══ Material to process

Lemma exists_idempotent_power a :
  exists k, rmul (rpowS a k) (rpowS a k) = rpowS a k.
Proof.
have [i [d [d_gt0 per]]] : exists i d, (0 < d)%N /\ rpowS a (i + d) = rpowS a i.
  have /injectivePn [i [j ne_ij eq_ij]] :
      ~~ injectiveb (fun k : 'I_#|R|.+1 => rpowS a k).
    by apply/negP => /injectiveP /leq_card; rewrite card_ord ltnn.
  case: (ltngtP i j) => [lt_ij|lt_ji|/val_inj eq]; last by rewrite eq eqxx in ne_ij.
  - by exists i, (j - i)%N; rewrite subn_gt0 subnKC ?(ltnW lt_ij).
  - by exists j, (i - j)%N; rewrite subn_gt0 subnKC ?(ltnW lt_ji).
(* a ^ t is idempotent for any t >= i that is a multiple of the period d *)
exists (d * i.+1).-1; rewrite rpowS_add.
have -> : ((d * i.+1).-1 + (d * i.+1).-1).+1
          = (i + ((d * i.+1).-1 - i) + i.+1 * d)%N.
  have : (i.+1 <= d * i.+1)%N by rewrite leq_pmull.
  by rewrite mulnC; lia.
by rewrite rpowS_periodic // subnKC // -ltnS prednK ?muln_gt0 ?d_gt0 // leq_pmull.
Qed.

Lemma nilpotent_sqr_ind (P : R -> Prop) :
  P 0 -> (forall y, P (rmul y y) -> P y) ->
  forall x N, rpowS x N = 0 -> P x.
Proof.
move=> P0 Psqr x N xN0.
suff Pk k : forall y, rpowS y (2 ^ k).-1 = 0 -> P y.
  apply: (Pk N); apply: rpowS_eq0 xN0.
  by have := ltn_expl N (ltnSn 1); lia.
elim: k => [|k IH] y /= y0; first by rewrite y0.
apply/Psqr/IH; rewrite rpowS_sqr -y0; congr rpowS.
by rewrite expnS; have := expn_gt0 2 k; lia.
Qed.

End RngArithmetic.

Definition rhom (T R : finRng) (h : T -> R) :=
  {morph h : a b / a + b} /\ {morph h : a b / rmul a b}.

Section Homomorphisms.
Variables (T R : finRng) (h : T -> R).
Hypothesis hh : rhom h.

Lemma rhom0 : h 0 = 0.
Proof. by apply: (@addrI _ (h 0)); rewrite -hh.1 !addr0. Qed.

Lemma rhomN a : h (- a) = - h a.
Proof. by apply: (@addrI _ (h a)); rewrite -hh.1 !subrr rhom0. Qed.

Lemma reval_rhom v t : reval (fun n => h (v n)) t = h (reval v t).
Proof.
have [hD hM] := hh.
by elim: t => [n||a IHa b IHb|a IHa|a IHa b IHb] /=;
  rewrite ?rhom0 ?hD ?hM ?rhomN ?IHa ?IHb.
Qed.

End Homomorphisms.

Lemma eq_reval (R : finRng) (v w : nat -> R) t :
  v =1 w -> reval v t = reval w t.
Proof.
by move=> vw; elim: t => [n||a IHa b IHb|a IHa|a IHa b IHb] /=; rewrite ?IHa ?IHb.
Qed.

Lemma in_variety_subdirect {M : variety} (T : finRng) (I : Type) (Rs : I -> finRng)
    (hs : forall i, T -> Rs i) :
  (forall i, in_variety M (Rs i)) -> (forall i, rhom (hs i)) ->
  (forall a b, (forall i, hs i a = hs i b) -> a = b) -> in_variety M T.
Proof.
move=> MR hh hsep e Me v; apply: hsep => i.
by rewrite -!reval_rhom //; apply: MR.
Qed.

Lemma in_variety_sub {M : variety} (T R : finRng) (h : T -> R) :
  in_variety M R -> rhom h -> injective h -> in_variety M T.
Proof.
move=> MR hh hinj.
by apply: (@in_variety_subdirect M T unit (fun=> R) (fun=> h)) => // a b /(_ tt)/hinj.
Qed.

Lemma in_variety_image {M : variety} (T R : finRng) (h : T -> R) (g : R -> T) :
  in_variety M T -> rhom h -> cancel g h -> in_variety M R.
Proof.
move=> MT hh hgK e Me v.
rewrite !(@eq_reval _ v (fun n => h (g (v n)))) => [|n|n]; rewrite ?hgK //.
by rewrite !(reval_rhom hh) (MT e Me).
Qed.


Definition zring (V : finZmodType) : finRng.
Proof. by refine (@FinRng V (fun _ _ => 0) _ _ _) => *; rewrite ?addr0. Defined.

Definition rng_of (R : finNzRingType) : finRng :=
  @FinRng R (@GRing.mul _) (@mulrA _) (@mulrDl _) (@mulrDr _).

Definition trivial_rng : finRng := zring 'I_1.

Lemma rhom_zring (V W : finZmodType) (f : V -> W) :
  {morph f : a b / a + b} -> rhom (f : zring V -> zring W).
Proof.
move=> fD; split=> // a b /=.
by apply: (@addrI _ (f 0)); rewrite -fD !addr0.
Qed.

Lemma zero_divisor_zring (V : finZmodType) (x : zring V) :
  zero_divisor (zring V) x = (x != 0).
Proof.
rewrite /zero_divisor; case: eqP => //= x0; apply/existsP; exists x.
by rewrite eqxx andbT; apply/eqP.
Qed.

Lemma in_variety_trivial (M : variety) : in_variety M trivial_rng.
Proof. by move=> e _ v; apply: ord_inj; rewrite !ord1. Qed.

Lemma mulrn_modn (V : zmodType) (x : V) m n : x *+ n = 0 -> x *+ (m %% n) = x *+ m.
Proof. by move=> xn0; rewrite {2}(divn_eq m n) mulrnDr mulnC mulrnA xn0 mul0rn add0r. Qed.

Section CyclicSubgroup.
Variables (V : finZmodType) (x : V) (n : nat).
Hypotheses (n_gt1 : (1 < n)%N) (ox : #[x]%g = n).

Lemma mulrn_order : x *+ n = 0.
Proof. by rewrite -ox -zmodXgE expg_order. Qed.

Lemma mulrn_modZp m : x *+ (m %% (Zp_trunc n).+2) = x *+ m.
Proof. by rewrite Zp_cast // mulrn_modn // mulrn_order. Qed.

Lemma mulrn_ZpD (a b : 'Z_n) : x *+ (a + b)%R = x *+ a + x *+ b.
Proof. by rewrite /= mulrn_modZp mulrnDr. Qed.

Lemma mulrn_Zp_inj : injective (fun a : 'Z_n => x *+ a).
Proof.
move=> a b /= eq_ab; apply: ord_inj.
have lt_n (c : 'Z_n) : (c < n)%N by rewrite -[n in (_ < n)%N]Zp_cast.
have : (x ^+ a == x ^+ b)%g by rewrite !zmodXgE eq_ab.
by rewrite eq_expg_mod_order ox !modn_small // => /eqP.
Qed.

End CyclicSubgroup.

Definition zprod (V W : finZmodType) := (V * W)%type.
HB.instance Definition _ V W := GRing.Zmodule.on (zprod V W).
HB.instance Definition _ V W := Finite.on (zprod V W).

Lemma in_variety_Zp_idempotent {M : variety} (R : finRng) (e : R) n :
  in_variety M R -> rmul e e = e -> (1 < n)%N -> #[e]%g = n ->
  in_variety M (rng_of 'Z_n).
Proof.
move=> MR ee n_gt1 oe.
apply: (@in_variety_sub M (rng_of 'Z_n) R (fun a => e *+ a) MR); last exact: mulrn_Zp_inj.
split=> a b /=; first exact: mulrn_ZpD.
by rewrite mulrn_modZp // rmulnl rmulnr ee -mulrnA mulnC.
Qed.

Lemma in_variety_zring_Zp {M : variety} (R : finRng) (w : R) n :
  in_variety M R -> rmul w w = 0 -> (1 < n)%N -> #[w]%g = n ->
  in_variety M (zring 'Z_n).
Proof.
move=> MR ww n_gt1 ow.
apply: (@in_variety_sub M (zring 'Z_n) R (fun a => w *+ a) MR); last exact: mulrn_Zp_inj.
split=> a b /=; first exact: mulrn_ZpD.
by rewrite rmulnl rmulnr ww !mul0rn.
Qed.

Lemma in_variety_Fp {M : variety} n p : (1 < n)%N -> prime p -> (p %| n)%N ->
  in_variety M (rng_of 'Z_n) -> in_variety M (rng_of 'F_p).
Proof.
move=> n_gt1 p_pr p_dvd_n MZn.
have modnK m : ((m %% (Zp_trunc n).+2)%:R : 'F_p) = m%:R.
  by rewrite (Zp_cast n_gt1) -Fp_nat_mod // modn_dvdm // Fp_nat_mod.
apply: (@in_variety_image M (rng_of 'Z_n) (rng_of 'F_p)
                          (fun a => (a : nat)%:R) (fun y => inZp y) MZn).
- by split=> a b /=; rewrite modnK ?natrD ?natrM.
- by move=> y; rewrite /= modnK natr_Zp.
Qed.

Lemma in_variety_zring_prod {M : variety} (V W : finZmodType) :
  in_variety M (zring V) -> in_variety M (zring W) ->
  in_variety M (zring (zprod V W)).
Proof.
move=> MV MW.
apply: (@in_variety_subdirect M (zring (zprod V W)) bool (fun b => zring (if b then V else W))
          (fun b => if b as b return zprod V W -> zring (if b then V else W)
                    then fst else snd)).
- by case.
- by case; apply: rhom_zring.
- by move=> [a1 a2] [b1 b2] eq_ab; rewrite [a1](eq_ab true) [a2](eq_ab false).
Qed.


Lemma gamma_iso_idomain_trivial (D : finIdomainType) :
  gamma_iso (rng_of D) trivial_rng.
Proof.
have no_zd (x : rng_of D) : zero_divisor (rng_of D) x = false.
  apply/negP => /andP [x0 /existsP [y /andP [y0]]].
  by rewrite /= !mulf_eq0 (negPf x0) (negPf y0).
exists (fun=> 0); split=> [x|x y|y|x y]; rewrite ?inE /in_mem /= ?no_zd //.
by rewrite /zero_divisor ord1 eqxx.
Qed.

Lemma not_ring_iso_trivial (R : finNzRingType) : ~ ring_iso (rng_of R) trivial_rng.
Proof.
move=> [f [/bij_inj f_inj _ _]].
have /f_inj/eqP : f 0 = f 1 by apply: ord_inj; rewrite !ord1.
by rewrite eq_sym oner_eq0.
Qed.

Lemma gamma_iso_zring (V W : finZmodType) : #|V| = #|W| ->
  gamma_iso (zring V) (zring W).
Proof.
move=> card_VW.
pose f0 (x : V) : W := enum_val (cast_ord card_VW (enum_rank x)).
have f0_inj : injective f0.
  by move=> x y /enum_val_inj/cast_ord_inj/enum_rank_inj.
pose f x := f0 x - f0 0.
have f_inj : injective f by move=> x y /addIr/f0_inj.
have f0_0 : f 0 = 0 by rewrite /f subrr.
have /(inj_card_onto f_inj) f_onto : (#|W| <= #|V|)%N by rewrite card_VW.
exists f; split=> [x|x y _ _|y|x y _ _]; rewrite ?inE /in_mem /= ?zero_divisor_zring.
- by apply: contraNneq => fx0; apply/eqP/f_inj; rewrite fx0 f0_0.
- exact: f_inj.
- move=> y0; have /codomP [x fx] := f_onto y.
  exists x => //; rewrite zero_divisor_zring.
  by apply: contraNneq y0 => x0; rewrite fx x0 f0_0.
- by rewrite /zd_adj /= !eqxx (inj_eq f_inj).
Qed.

Lemma card_Zp_sqr p : prime p -> #|'Z_(p ^ 2)| = #|{: zprod 'Z_p 'Z_p}|.
Proof.
move=> p_pr; have p_gt1 := prime_gt1 p_pr.
have p2_gt1 : (1 < p ^ 2)%N by rewrite (ltn_trans p_gt1) // -{1}(expn1 p) ltn_exp2l.
by rewrite card_prod !card_ord !Zp_cast // expnS expn1.
Qed.

Lemma not_ring_iso_Zp_sqr p : prime p ->
  ~ ring_iso (zring 'Z_(p ^ 2)) (zring (zprod 'Z_p 'Z_p)).
Proof.
move=> p_pr [f [/bij_inj f_inj fD _]]; have p_gt1 := prime_gt1 p_pr.
have f0 : f 0 = 0 by apply: (@addrI _ (f 0)); rewrite -fD !addr0.
have fn a n : f (a *+ n) = f a *+ n.
  by elim: n => [|n IH]; rewrite ?f0 // !mulrS fD IH.
have char_p (u : zprod 'Z_p 'Z_p) : u *+ p = 0.
  have mulrn_pair n : u *+ n = (u.1 *+ n, u.2 *+ n).
    by elim: n => [|n IH]; rewrite ?mulr0n // !mulrS IH.
  have char_Zp (a : 'Z_p) : a *+ p = 0 by rewrite -mulr_natr pchar_Zp // mulr0.
  by rewrite mulrn_pair !char_Zp.
have /f_inj/(congr1 val) : f (1 *+ p) = f 0 by rewrite fn char_p f0.
have lt_p_p2 : (p < p ^ 2)%N by rewrite -{1}(expn1 p) ltn_exp2l.
rewrite /= val_Zp_nat ?modn_small ?(ltn_trans p_gt1) //.
by move/eqP; rewrite gtn_eqF ?prime_gt0.
Qed.

Lemma order_dvdn_mulrn (V : finZmodType) (x : V) m :
  (#[x]%g %| m)%N = (x *+ m == 0).
Proof. by rewrite order_dvdn zmodXgE. Qed.

Lemma order_pfactor (V : finZmodType) (x : V) p k : prime p ->
  x *+ (p ^ k.+1) = 0 -> x *+ (p ^ k) != 0 -> #[x]%g = (p ^ k.+1)%N.
Proof.
move=> p_pr /eqP xk1 /negP xk; move: xk1 xk; rewrite -!order_dvdn_mulrn.
move=> /(dvdn_pfactor _ _ p_pr) [m le_m ->] /negP ndvd.
congr expn; apply/eqP; rewrite eqn_leq le_m.
by rewrite ltnNge; apply: contra ndvd => le_mk; apply: dvdn_exp2l.
Qed.

Lemma mulrn_prod_primes_sqr (V : finZmodType) (x : V) :
  (forall p, prime p -> (logn p #[x]%g <= 2)%N) ->
  x *+ (\prod_(q <- primes #|V|) q ^ 2) = 0.
Proof.
move=> logn_le2; apply/eqP; rewrite -order_dvdn_mulrn.
apply/(dvdn_partP _ (order_gt0 x)) => p; rewrite inE mem_primes => /and3P [p_pr _ p_dvd].
rewrite p_part; apply: dvdn_trans (dvdn_exp2l p (logn_le2 p p_pr)) _.
have pV : p \in primes #|V|.
  rewrite mem_primes p_pr (dvdn_trans p_dvd) ?andbT //=.
    by apply/card_gt0P; exists x.
  by rewrite -cardsT order_dvdG ?inE.
by rewrite (big_rem _ pV) dvdn_mulr.
Qed.

Section GammaDetermined.
Variable M : variety.
Hypothesis gammaM : forall R S : finRng,
  in_variety M R -> in_variety M S -> gamma_iso R S -> ring_iso R S.

Lemma idempotent_eq0 (R : finRng) (e : R) :
  in_variety M R -> rmul e e = e -> e = 0.
Proof.
move=> MR ee; apply/eqP/negPn/negP => e_neq0.
have n_gt1 : (1 < #[e]%g)%N by rewrite ltn_neqAle order_gt0 eq_sym order_eq1 e_neq0.
have p_pr := pdiv_prime n_gt1.
apply: (@not_ring_iso_trivial 'F_(pdiv #[e]%g)); apply: gammaM.
- apply: (in_variety_Fp n_gt1 p_pr (pdiv_dvd _)).
  exact: in_variety_Zp_idempotent MR ee n_gt1 _.
- exact: in_variety_trivial.
- exact: gamma_iso_idomain_trivial.
Qed.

════

• What you are asked to do:
The required output is the stretch of entries above from the line containing "move=> P0 Psqr x N xN0." through the line containing "elim: k => [|k", reproduced exactly.

• Response below:
move=> P0 Psqr x N xN0.
suff Pk k : forall y, rpowS y (2 ^ k).-1 = 0 -> P y.
  apply: (Pk N); apply: rpowS_eq0 xN0.
  by have := ltn_expl N (ltnSn 1); lia.
elim: k => [|k IH] y /= y0; first by rewrite y0.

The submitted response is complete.